◆ **Collected data entries**
* * * *
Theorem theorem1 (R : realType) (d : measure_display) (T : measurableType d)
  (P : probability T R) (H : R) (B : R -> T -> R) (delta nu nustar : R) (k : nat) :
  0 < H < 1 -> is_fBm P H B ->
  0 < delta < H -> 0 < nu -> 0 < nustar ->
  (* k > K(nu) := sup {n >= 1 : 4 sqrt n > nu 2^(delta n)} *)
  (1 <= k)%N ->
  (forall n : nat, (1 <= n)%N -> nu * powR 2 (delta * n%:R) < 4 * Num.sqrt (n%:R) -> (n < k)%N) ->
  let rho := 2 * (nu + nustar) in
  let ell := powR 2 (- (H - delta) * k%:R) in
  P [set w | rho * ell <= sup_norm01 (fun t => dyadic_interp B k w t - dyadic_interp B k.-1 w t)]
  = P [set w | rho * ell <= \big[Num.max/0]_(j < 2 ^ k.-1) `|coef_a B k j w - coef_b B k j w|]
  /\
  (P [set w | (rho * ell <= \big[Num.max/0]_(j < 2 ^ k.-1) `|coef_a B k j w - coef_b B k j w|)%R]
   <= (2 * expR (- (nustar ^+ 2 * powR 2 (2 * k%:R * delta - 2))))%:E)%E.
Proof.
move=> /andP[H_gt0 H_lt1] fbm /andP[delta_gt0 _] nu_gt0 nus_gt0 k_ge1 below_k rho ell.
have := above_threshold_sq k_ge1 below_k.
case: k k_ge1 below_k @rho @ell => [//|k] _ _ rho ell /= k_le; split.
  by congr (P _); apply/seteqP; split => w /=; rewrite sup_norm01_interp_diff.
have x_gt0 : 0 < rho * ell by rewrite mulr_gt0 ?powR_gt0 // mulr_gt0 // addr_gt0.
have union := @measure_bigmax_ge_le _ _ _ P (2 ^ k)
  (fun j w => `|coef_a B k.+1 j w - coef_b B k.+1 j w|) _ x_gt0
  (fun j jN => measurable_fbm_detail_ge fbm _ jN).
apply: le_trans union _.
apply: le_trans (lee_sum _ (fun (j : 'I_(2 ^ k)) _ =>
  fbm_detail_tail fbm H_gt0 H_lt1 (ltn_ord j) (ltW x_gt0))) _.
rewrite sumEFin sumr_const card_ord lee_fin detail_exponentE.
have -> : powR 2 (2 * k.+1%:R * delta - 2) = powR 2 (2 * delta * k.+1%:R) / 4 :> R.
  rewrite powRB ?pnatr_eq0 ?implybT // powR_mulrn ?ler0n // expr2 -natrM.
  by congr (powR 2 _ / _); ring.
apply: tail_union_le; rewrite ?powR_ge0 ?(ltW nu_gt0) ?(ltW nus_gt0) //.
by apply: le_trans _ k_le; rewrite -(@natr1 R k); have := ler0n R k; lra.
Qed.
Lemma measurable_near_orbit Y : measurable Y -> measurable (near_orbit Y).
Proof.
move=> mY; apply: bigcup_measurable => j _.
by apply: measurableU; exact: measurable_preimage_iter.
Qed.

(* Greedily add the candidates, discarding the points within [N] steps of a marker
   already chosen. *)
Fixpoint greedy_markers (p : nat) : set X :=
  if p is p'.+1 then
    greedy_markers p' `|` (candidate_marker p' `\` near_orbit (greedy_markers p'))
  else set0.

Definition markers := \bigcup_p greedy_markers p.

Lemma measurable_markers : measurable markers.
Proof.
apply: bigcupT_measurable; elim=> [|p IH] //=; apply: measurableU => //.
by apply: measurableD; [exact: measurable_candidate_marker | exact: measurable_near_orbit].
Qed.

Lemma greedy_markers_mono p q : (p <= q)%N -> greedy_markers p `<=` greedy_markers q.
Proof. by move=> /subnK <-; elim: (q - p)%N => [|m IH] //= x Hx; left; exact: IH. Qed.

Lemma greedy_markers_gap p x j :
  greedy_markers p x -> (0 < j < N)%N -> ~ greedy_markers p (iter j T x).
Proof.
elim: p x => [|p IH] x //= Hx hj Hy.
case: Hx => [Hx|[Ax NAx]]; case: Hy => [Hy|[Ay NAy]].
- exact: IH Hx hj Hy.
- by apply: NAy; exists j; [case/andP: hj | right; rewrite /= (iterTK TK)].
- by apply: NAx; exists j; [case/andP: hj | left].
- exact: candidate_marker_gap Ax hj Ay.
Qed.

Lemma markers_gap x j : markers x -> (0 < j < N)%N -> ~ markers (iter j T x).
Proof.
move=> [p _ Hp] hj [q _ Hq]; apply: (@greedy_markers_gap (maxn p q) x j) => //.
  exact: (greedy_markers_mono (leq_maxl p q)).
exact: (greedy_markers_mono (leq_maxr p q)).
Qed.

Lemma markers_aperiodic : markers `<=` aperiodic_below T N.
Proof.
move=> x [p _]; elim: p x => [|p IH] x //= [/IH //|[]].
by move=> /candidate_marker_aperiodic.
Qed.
* * * *
◆ **WHAT THE TASK REQUIRES**
Return the lines from the line containing "Lemma greedy_markers_gap p" to the end of the entries above, exactly as they appear and with no other output.

◆ **REPLY**
Lemma greedy_markers_gap p x j :
  greedy_markers p x -> (0 < j < N)%N -> ~ greedy_markers p (iter j T x).
Proof.
elim: p x => [|p IH] x //= Hx hj Hy.
case: Hx => [Hx|[Ax NAx]]; case: Hy => [Hy|[Ay NAy]].
- exact: IH Hx hj Hy.
- by apply: NAy; exists j; [case/andP: hj | right; rewrite /= (iterTK TK)].
- by apply: NAx; exists j; [case/andP: hj | left].
- exact: candidate_marker_gap Ax hj Ay.
Qed.

Lemma markers_gap x j : markers x -> (0 < j < N)%N -> ~ markers (iter j T x).
Proof.
move=> [p _ Hp] hj [q _ Hq]; apply: (@greedy_markers_gap (maxn p q) x j) => //.
  exact: (greedy_markers_mono (leq_maxl p q)).
exact: (greedy_markers_mono (leq_maxr p q)).
Qed.

Lemma markers_aperiodic : markers `<=` aperiodic_below T N.
Proof.
move=> x [p _]; elim: p x => [|p IH] x //= [/IH //|[]].
by move=> /candidate_marker_aperiodic.
Qed.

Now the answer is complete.